1. Chapter 1 - Memories

**Hey guys, Tess Phoenix here. Just before we get started here, I just want to tell those who have been reading my other fanfictions that I'll be taking a break from both The Tesseract and Twisted Hope. I know they're not even close to done, but I was really itching to get a Portal story in. So, enjoy this and please review! :)**

* * *

She stared at the ground defiantly with the same look she'd kept for a long time. It was the last look she'd made before she'd been shut off, her eyes open but darkness filling her vision. She felt nothing, heard nothing, saw nothing.

Until now.

The small switch on her back was flicked up and her power came on, electricity running through her. She took in a deep breath like a real person; that was how she'd been built to react. Like a real person. She looked around, the walls and floor old and worn down. Wherever she was, it hadn't been used in a long time. The bird that had flicked her switch squawked in surprise and flew up into the air.

"Thank you," she mouthed to it and struggled to stand. Her legs were weak and she was out of practice walking. Nonetheless, she used the wall to support herself and she walked down the rundown hallway, wondering still where she was.

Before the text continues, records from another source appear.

Lemma vstar_act_delta0_Rgen (b : bool) :
  vstar_act R1 delta0 Rgen (vertex b) = if b then 1 else -1.
Proof.
rewrite vstar_act_delta0E ffunE [X in _ + X]ffunE !Ract_Rgen /=.
have vertexE e :
    ([ffun=> [ffun=> e]] == [ffun=> [ffun=> b]] :> {ffun cube 0 -> cube 1}) = (e == b).
  apply/eqP/eqP => [/ffunP/(_ cube0)/ffunP/(_ ord0) | ->] //.
  by rewrite !ffunE.
by rewrite !vertexE; case: (b); rewrite /= ?subr0 ?sub0r.
Qed.

Lemma Rsum_eq0P (y : Robj 0) :
  Rsum y = 0 <-> exists z, vstar_act R1 delta0 z = y.
Proof.
split=> [| [z <-]]; last exact: Rsum_vstar_delta0.
rewrite /Rsum sum_cgen1_0 => /eqP; rewrite addr_eq0 => /eqP y_false.
exists (y (vertex true) *: Rgen); rewrite linearZ /=.
apply/ffunP => h; rewrite ffunE (cgen1_0E h) vstar_act_delta0_Rgen.
by case: (sval h cube0 ord0); last rewrite y_false scaleNr scalerN opprK; exact: mulr1.
Qed.

End Modules.

Theorem proposition4p6 (k : fieldType) :
  (forall y : Mrep k 0, exists x : Mrep k 1, Mact delta0 x = y) /\
  (forall (N : cmod k) (eta : forall a, Mrep k a -> cobj N a),
     is_vshriek_of_M N eta ->
     exists psi : {linear cobj N 0 -> k^o},
       (forall c : k, exists y, psi y = c) /\
       (forall y, psi y = 0 <-> exists x : cobj N 1, vstar_act N delta0 x = y)).
Proof.
split=> [|N eta vshriek]; first exact: Mact_delta0_surj.
have [u [uc u_gen Rclass_uK]] := vshriek_retract_R1 vshriek.
exists (@Rsum k \o lin_of (uc.1 0%N)); split=> [c | y].
  exists (c *: cact N (val (vertex true)) (eta 1%N (Mgen k))).
  rewrite linearZ /= /lin_of uc.2 ?u_gen; last exact: cgen1b_cgen (cgen1b0 _).
  by rewrite Rsum_Ract_Rgen; exact: mulr1.
rewrite -[_ y]/(Rsum (u 0%N y)); apply: iff_trans (Rsum_eq0P _) _.
exact: iff_sym (vstar_act_im_retract delta0 uc (Rclass_cmor _) Rclass_uK y).
Qed.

Memories that should have been there flickered on and off in her mind, coming in only small bursts of information. She remembered people carrying her, not the humanoid her, but a smaller version of her. She remembered the small spherical robots looking at her with what would've been worry if they'd been human. She remembered the strange feeling that was a mix of pain and shock as she switched bodies. Those spherical robots were tossed into some kind of incinerator and they screamed out with electronic voices. There was only one other thing she remembered: Aperture Laboratories. The logo was bright and clear in her memory and it was the only thing she was slightly happy to remember. Her home.

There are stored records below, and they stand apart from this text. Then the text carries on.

Lemma sqrt_add_sqrt_le_one (a s w : R) : 0 <= a -> 0 <= s -> 0 < w ->
  a <= (w - s) ^ 2 -> s <= w -> sqrt (a / w ^ 2) + sqrt (s ^ 2 / w ^ 2) <= 1.
Proof.
intros ha hs hw haw hsw.
assert (hw2 : 0 < w ^ 2) by nra.
rewrite !sqrt_div by (lra || nra).
rewrite !sqrt_pow2 by lra.
assert (sqrt a <= w - s) by (rewrite <- (sqrt_pow2 (w - s)) by lra; apply sqrt_le_1_alt; lra).
apply (Rmult_le_reg_r w); [exact hw|].
field_simplify; lra.
Qed.

Lemma threshold_bound (k q : R) : 0 <= k -> 0 <= q < 1 ->
  sqrt (k * (1 - q)) + sqrt q <= 1 -> k * (1 + q) + q <= 1.
Proof.
intros hk hq hsum.
set (P := sqrt (k * (1 - q))) in *; set (Q := sqrt q) in *.
assert (hP2 : P ^ 2 = k * (1 - Q ^ 2)) by (unfold P, Q; rewrite !pow2_sqrt; nra).
assert (hQ2 : Q ^ 2 = q) by (apply pow2_sqrt; lra).
assert (0 <= P) by apply sqrt_pos; assert (0 <= Q) by apply sqrt_pos.
assert (hQ1 : Q < 1) by nra.
assert (k * (1 + Q) <= 1 - Q).
{ assert (k * (1 + Q) * (1 - Q) <= (1 - Q) * (1 - Q)) by nra. nra. }
rewrite <- hQ2; nra.
Qed.

Lemma disc_nonneg_of_sqrt_sum_le (p q x : R) : 0 <= p -> 0 <= q ->
  (sqrt p + sqrt q) ^ 2 <= x -> 0 <= (x - p - q) ^ 2 - 4 * p * q.
Proof.
intros hp hq hx.
rewrite <- (pow2_sqrt p), <- (pow2_sqrt q) by assumption.
pose proof (sqrt_pos p); pose proof (sqrt_pos q).
set (z := x - sqrt p ^ 2 - sqrt q ^ 2).
assert (2 * sqrt p * sqrt q <= z) by (unfold z; lra).
assert (0 <= 2 * sqrt p * sqrt q) by nra.
assert (0 <= (z - 2 * sqrt p * sqrt q) * (z + 2 * sqrt p * sqrt q)) by (apply Rmult_le_pos; lra).
nra.
Qed.

Lemma vertex_below (k q x : R) : 0 < k -> 0 < q -> k * (1 + q) + q <= 1 ->
  (sqrt (k * (1 - q)) + sqrt q) ^ 2 <= x -> q * (k + 1) < x - k.
Proof.
intros hk hq hkq hx.
set (P := sqrt (k * (1 - q))) in *; set (Q := sqrt q) in *.
assert (hP2 : P ^ 2 = k * (1 - q)) by (apply pow2_sqrt; nra).
assert (hQ2 : Q ^ 2 = q) by (apply pow2_sqrt; lra).
assert (0 <= P) by apply sqrt_pos; assert (0 <= Q) by apply sqrt_pos.
assert (k * Q < P) by nra.
nra.
Qed.

Lemma pospart_of_nonpos (x : R) : x <= 0 -> pospart x = 0.
Proof. intros; apply Rmax_left; lra. Qed.

Lemma pospart_of_nonneg (x : R) : 0 <= x -> pospart x = x.
Proof. intros; apply Rmax_right; lra. Qed.

Lemma Ttreat_of_le (r C Is : R) : Is <= C -> Ttreat r C Is = r * Is.
Proof.
intros; unfold Ttreat; destruct (Rlt_dec Is C); [reflexivity |].
replace Is with C by lra; reflexivity.
Qed.

Lemma Ttreat_of_ge (r C Is : R) : C <= Is -> Ttreat r C Is = r * C.
Proof. intros; unfold Ttreat; destruct (Rlt_dec Is C); [lra | reflexivity]. Qed.

Section Model.

Variables A sm ss mu rho beta r C_I : R.
Hypotheses (hsm : 0 < sm) (hss : 0 < ss) (hmu : 0 < mu)
  (hrho : 0 < rho) (hbeta : 0 < beta) (hr : 0 < r) (hC : 0 < C_I).

Let R0 := Rnought A sm mu rho beta.
Let k := sm * (mu + r) * C_I / (mu * beta).
Let p := pp sm ss mu beta r C_I.
Let q := qq sm ss mu beta.
Let b := R0 - p + q.
Let D := Defs.disc A sm ss mu rho beta r C_I.
Let Estar_endemic := endemic_eq A sm ss mu rho beta r C_I
  (Sstar sm mu rho beta) (Imstar A sm mu rho beta) (Isstar A sm mu rho beta r).

Lemma k_pos : 0 < k.
Proof. unfold k; apply Rdiv_lt_0_compat; repeat apply Rmult_lt_0_compat; lra. Qed.

Lemma qq_pos : 0 < q.
Proof. unfold q, qq; apply Rdiv_lt_0_compat; nra. Qed.

Lemma qq_lt_1 : q < 1.
Proof.
unfold q, qq; apply (Rmult_lt_reg_r (mu * sm + beta * ss)); [nra|].
unfold Rdiv; rewrite Rmult_assoc, Rinv_l by nra; nra.
Qed.

Lemma pp_eq : p = k * (1 - q).
Proof. unfold p, q, k, pp, qq; field; repeat split; nra. Qed.

Lemma A_eq : A = R0 * mu * (mu + beta + rho) / sm.
Proof. unfold R0, Rnought; field; repeat split; lra. Qed.

Lemma disc_eq : D = b ^ 2 - 4 * (q * R0).
Proof. unfold D, Defs.disc, b; cbv zeta; fold R0 p q; ring. Qed.

Lemma Si_1_eq :
  Si 1 A sm ss mu rho beta r C_I = (mu + beta + rho) / sm * lower_root b D.
Proof. unfold Si, lower_root; simpl; fold R0 p q D; unfold b; field; lra. Qed.

Lemma Si_2_eq :
  Si 2 A sm ss mu rho beta r C_I = (mu + beta + rho) / sm * upper_root b D.
Proof. unfold Si, upper_root; simpl; fold R0 p q D; unfold b; field; lra. Qed.

Lemma Imi_eq (i : nat) (x : R) :
  Si i A sm ss mu rho beta r C_I = (mu + beta + rho) / sm * x ->
  Imi i A sm ss mu rho beta r C_I = mu / sm * (R0 - x).
Proof. intros hS; unfold Imi; rewrite hS; fold R0; field; lra. Qed.

Lemma Isi_sub_eq (i : nat) (x : R) :
  Si i A sm ss mu rho beta r C_I = (mu + beta + rho) / sm * x ->
  Isi i A sm ss mu rho beta r C_I - C_I = beta / sm * (R0 - k - x).
Proof. intros hS; unfold Isi; rewrite hS; fold R0; unfold k; field; lra. Qed.

Lemma Ei_exists_iff (i : nat) (x : R) :
  Si i A sm ss mu rho beta r C_I = (mu + beta + rho) / sm * x ->
  Ei_exists i A sm ss mu rho beta r C_I <-> 0 <= D /\ 0 < x /\ x < R0 - k.
Proof.
intros hS; unfold Ei_exists; rewrite (Imi_eq i x hS).
pose proof (Isi_sub_eq i x hS); rewrite hS; fold D.
assert (0 < (mu + beta + rho) / sm) by (apply Rdiv_lt_0_compat; lra).
assert (0 < mu / sm) by (apply Rdiv_lt_0_compat; lra).
assert (0 < beta / sm) by (apply Rdiv_lt_0_compat; lra).
pose proof k_pos.
split.
- intros (hD & hSpos & hIm & hIs); repeat split; [assumption | nra | nra].
- intros (hD & hx & hxy); repeat split; [assumption | nra | nra | nra].
Qed.

Lemma Isstar_sub_eq :
  Isstar A sm mu rho beta r - C_I = mu * beta / (sm * (mu + r)) * (R0 - (1 + k)).
Proof. unfold Isstar, k; fold R0; field; repeat split; lra. Qed.

Lemma Isstar_le_iff : Isstar A sm mu rho beta r <= C_I <-> R0 <= 1 + k.
Proof.
pose proof Isstar_sub_eq.
assert (0 < mu * beta / (sm * (mu + r))) by (apply Rdiv_lt_0_compat; nra).
split; intros; nra.
Qed.

Lemma Estar_endemic_of_R0 : 1 < R0 <= 1 + k -> Estar_endemic.
Proof.
intros [hR1 hRk]; apply Isstar_le_iff in hRk.
unfold Estar_endemic, endemic_eq, is_equilibrium, f_S, f_Im, f_Is.
rewrite pospart_of_nonpos, Ttreat_of_le by lra.
unfold Sstar, Imstar, Isstar; fold R0.
repeat split.
- rewrite A_eq; field; lra.
- field; lra.
- field; lra.
- apply Rdiv_lt_0_compat; lra.
- apply Rdiv_lt_0_compat; nra.
- apply Rdiv_lt_0_compat; [apply Rmult_lt_0_compat; [nra | lra] | nra].
Qed.

Lemma Estar_not_endemic_of_R0 : R0 <= 1 -> ~ Estar_endemic.
Proof.
intros hR1 (_ & _ & hIm & _); unfold Imstar in hIm; fold R0 in hIm.
assert (0 < mu * (R0 - 1)) by (apply (Rdiv_pos_cases _ sm) in hIm; nra).
nra.
Qed.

Her walking got better as she roamed through rooms and halls. Soon she was walking without help from rails or walls. Broken glass crunched beneath her feet and she brushed past vines and large leaves that clung to practically everything it could grasp. Everything was a mess and it all seemed uninhabited. That was, until she heard the voice.

"You." She froze. She knew that voice, all cores knew that voice. They knew it all too well.

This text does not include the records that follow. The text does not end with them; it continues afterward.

(* Hedge over the rows [n] with gains [kl_row] against the output of the smoothed channel;
   the averaged output [r] gives the test point [v = ln r] for (D), and the tangent
   multipliers of the played weights average to the response. *)
Lemma bounded_feasible_response N M eta c eps Q :
  (1 <= N)%nat -> (1 <= M)%nat -> 0 < eta < 1 -> 0 < eps -> in_simplex_mat N M Q ->
  (forall v, c <= D_obj N M v Q) ->
  exists p V, bounded_feasible N M (smoothing_bound M eta) p V /\
    c - eps + ln (1 - eta) <= - frob N M V Q.
Proof.
  intros HN HM Heta Heps HQ Hc.
  set (B := smoothing_bound M eta).
  set (r := fun w => output N w (smooth M eta Q)).
  destruct (no_regret N B (fun w => kl_row M Q (r w)) eps HN
              (smoothing_bound_pos M eta HM Heta) Heps (kl_row_bounds N M eta Q HM Heta HQ))
    as [T [W [HT [HW Hreg]]]].
  assert (HTp : 0 < INR T) by (apply lt_0_INR; lia).
  set (rt := fun t => r (W t)).
  assert (Hrt : forall t m, (t < T)%nat -> (m < M)%nat -> 0 < rt t m).
  { intros t m Ht Hm. pose proof (smooth_output_bounds N M eta Q HM Heta HQ (W t) m (HW t) Hm).
    pose proof (smooth_floor M eta HM Heta). unfold rt, r. lra. }
  assert (Hrsum : sumN M (average T rt) = 1)
    by (apply average_sum; auto; intros; apply smooth_output_sum; auto).
  destruct (maxN_attained N (kl_row M Q (average T rt)) HN) as [ns [Hns Ens]].
  assert (Hcns : c <= kl_row M Q (average T rt) ns).
  { rewrite <- Ens, <- D_obj_ln; auto. intros m Hm. apply average_pos; auto. }
  pose proof (kl_row_average_le N M Q T rt ns HQ Hns HT Hrt) as Hjensen.
  pose proof (Hreg ns Hns) as Hregret.
  set (Vt := fun t => tangent_V N M eta Q (W t)).
  assert (Hgap : sumN T (fun t => sumN N (fun j => W t j * kl_row M Q (r (W t)) j))
                 + INR T * ln (1 - eta) <= - sumN T (fun t => frob N M (Vt t) Q)).
  { rewrite <- sumN_const, <- sumN_plus, <- sumN_opp. apply sumN_le. intros t Ht.
    apply (tangent_gap N M eta Q HM Heta HQ (W t) (HW t)). }
  exists (average T W), (average_mat T Vt). split.
  - apply bounded_feasible_average; auto. intros t Ht. apply tangent_bounded_feasible; auto.
  - rewrite frob_average_mat by auto.
    apply Rmult_le_reg_l with (INR T); auto.
    replace (INR T * - (sumN T (fun t => frob N M (Vt t) Q) / INR T))
      with (- sumN T (fun t => frob N M (Vt t) Q)) by (field; lra).
    assert (c * INR T <= sumN T (fun t => kl_row M Q (rt t) ns)).
    { apply Rle_trans with (kl_row M Q (average T rt) ns * INR T).
      - apply Rmult_le_compat_r; lra.
      - apply Rmult_le_reg_r with (/ INR T); [apply Rinv_0_lt_compat; auto|].
        rewrite Rmult_assoc, Rinv_r by lra. lra. }
    unfold rt in *. lra.
Qed.

(** * Response to a compact convex set of channels *)

Lemma eventually_forall_lt A (P : nat -> nat -> Prop) :
  (forall a, (a < A)%nat -> exists K, forall k, (K <= k)%nat -> P a k) ->
  exists K, forall k, (K <= k)%nat -> forall a, (a < A)%nat -> P a k.
Proof.
  induction A as [|A IH]; intros H; [exists 0%nat; intros; lia|].
  destruct IH as [K1 HK1]; [intros a Ha; apply H; lia|].
  destruct (H A ltac:(lia)) as [K2 HK2].
  exists (K1 + K2)%nat. intros k Hk a Ha. destruct (Nat.eq_dec a A) as [->|].
  - apply HK2. lia.
  - apply HK1; lia.
Qed.

(* Prefixes [0 .. j-1] of the greedy sequence [u j := next j (greedy_prefix next j)]. *)
Fixpoint greedy_prefix {X : Type} (next : nat -> (nat -> X) -> X) (x0 : X) (j : nat) : nat -> X :=
  match j with
  | O => fun _ => x0
  | S j' => fun i => if Nat.ltb i j' then greedy_prefix next x0 j' i
                     else next j' (greedy_prefix next x0 j')
  end.

Lemma greedy_prefix_spec {X : Type} (next : nat -> (nat -> X) -> X) x0 j i : (i < j)%nat ->
  greedy_prefix next x0 j i = next i (greedy_prefix next x0 i).
Proof.
  induction j as [|j IH]; intros Hi; [lia|]. simpl. destruct (Nat.ltb i j) eqn:E.
  - apply Nat.ltb_lt in E. auto.
  - apply Nat.ltb_ge in E. replace i with j by lia. reflexivity.
Qed.

(* Sequential compactness gives total boundedness: otherwise a greedy choice of points far
   from all previous ones yields a sequence without a convergent subsequence. *)
Lemma finite_net N M Qs d : 0 < d -> (exists Q, Qs Q) -> compact_set N M Qs ->
  exists k (F : nat -> nat -> nat -> R), (1 <= k)%nat /\ (forall i, (i < k)%nat -> Qs (F i)) /\
    forall Q, Qs Q -> exists i, (i < k)%nat /\ entrywise_close N M d Q (F i).
Proof.
  intros Hd [Q0 HQ0] Hcomp.
  apply NNPP. intros Hnet.
  assert (Hfar : forall j f, exists Q, (forall i, (i < j)%nat -> Qs (f i)) ->
            Qs Q /\ forall i, (i < j)%nat -> ~ entrywise_close N M d Q (f i)).
  { intros j f. destruct (classic (forall i, (i < j)%nat -> Qs (f i))) as [Hf|Hf];
      [|exists Q0; tauto].
    apply NNPP. intros Hno. apply Hnet. exists (S j), (fun i => if Nat.ltb i j then f i else Q0).
    split; [lia|split].
    - intros i Hi. destruct (Nat.ltb i j) eqn:E; [apply Hf, Nat.ltb_lt; auto|auto].
    - intros Q HQ. apply NNPP. intros Hc. apply Hno. exists Q. intros _. split; auto.
      intros i Hi Hcl. apply Hc. exists i. split; [lia|].
      apply Nat.ltb_lt in Hi. rewrite Hi. exact Hcl. }
  destruct (choice (fun (jf : nat * (nat -> nat -> nat -> R)) Q =>
              (forall i, (i < fst jf)%nat -> Qs (snd jf i)) ->
              Qs Q /\ forall i, (i < fst jf)%nat -> ~ entrywise_close N M d Q (snd jf i)))
    as [next Hnext]; [intros [j f]; apply Hfar|].
  set (nx := fun j f => next (j, f)).
  set (u := fun j => nx j (greedy_prefix nx Q0 j)).
  assert (Hu : forall j, Qs (u j) /\ forall i, (i < j)%nat -> ~ entrywise_close N M d (u j) (u i)).
  { intros j. induction j as [j IH] using (well_founded_induction Wf_nat.lt_wf).
    assert (Hpre : forall i, (i < j)%nat -> greedy_prefix nx Q0 j i = u i)
      by (intros; apply greedy_prefix_spec; auto).
    destruct (Hnext (j, greedy_prefix nx Q0 j)) as [HQ Hsep];
      simpl; [intros i Hi; rewrite Hpre by auto; apply IH; auto|].
    split; [exact HQ|]. intros i Hi. rewrite <- (Hpre i Hi). apply Hsep; auto. }
  destruct (Hcomp u (fun k => proj1 (Hu k))) as [phi [Ql [Hphi [_ Hcv]]]].
  destruct (eventually_forall_lt N (fun n k => forall m, (m < M)%nat ->
              Rabs (u (phi k) n m - Ql n m) < d / 2)) as [K HK].
  { intros n Hn. apply eventually_forall_lt. intros m Hm.
    destruct (Hcv n m Hn Hm (d / 2) ltac:(lra)) as [K HK]. exists K. intros k Hk. apply HK. lia. }
  apply (proj2 (Hu (phi (S K))) (phi K) (Hphi K)).
  intros n m Hn Hm.
  pose proof (HK K (le_n K) n Hn m Hm). pose proof (HK (S K) ltac:(lia) n Hn m Hm).
  replace (u (phi (S K)) n m - u (phi K) n m)
    with ((u (phi (S K)) n m - Ql n m) - (u (phi K) n m - Ql n m)) by ring.
  eapply Rle_trans; [apply Rabs_triang|]. rewrite Rabs_Ropp. lra.
Qed.

Definition mix (k : nat) (mu : nat -> R) (F : nat -> nat -> nat -> R) : nat -> nat -> R :=
  fun n m => sumN k (fun i => mu i * F i n m).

"GLaDOS," she said. "Nice to hear from you again. I imagine you're doing well?"

"Ion. I thought you'd been incinerated."

"The others were, but I pulled through. I shouldn't have, but I did."

"Well, you will make a good test sub-"

"No," Ion interrupted, "No testing. I'm not a test subject and I never was. I wasn't built for your enjoyment." GLaDOS's electronic voice growled in anger. She didn't have to put up with this human wannabe and wasn't going to.

"Fine. Too bad there's no place to bury you. Oh, wait, you're not human. It looks like you'll just rust like everything else here when I'm done with you." Ion gritted her teeth and pressed forward. Hopefully she wasn't getting any closer to GLaDOS's lair than she wanted to. She just wanted to go home. Surely this place wasn't home, home didn't look like this.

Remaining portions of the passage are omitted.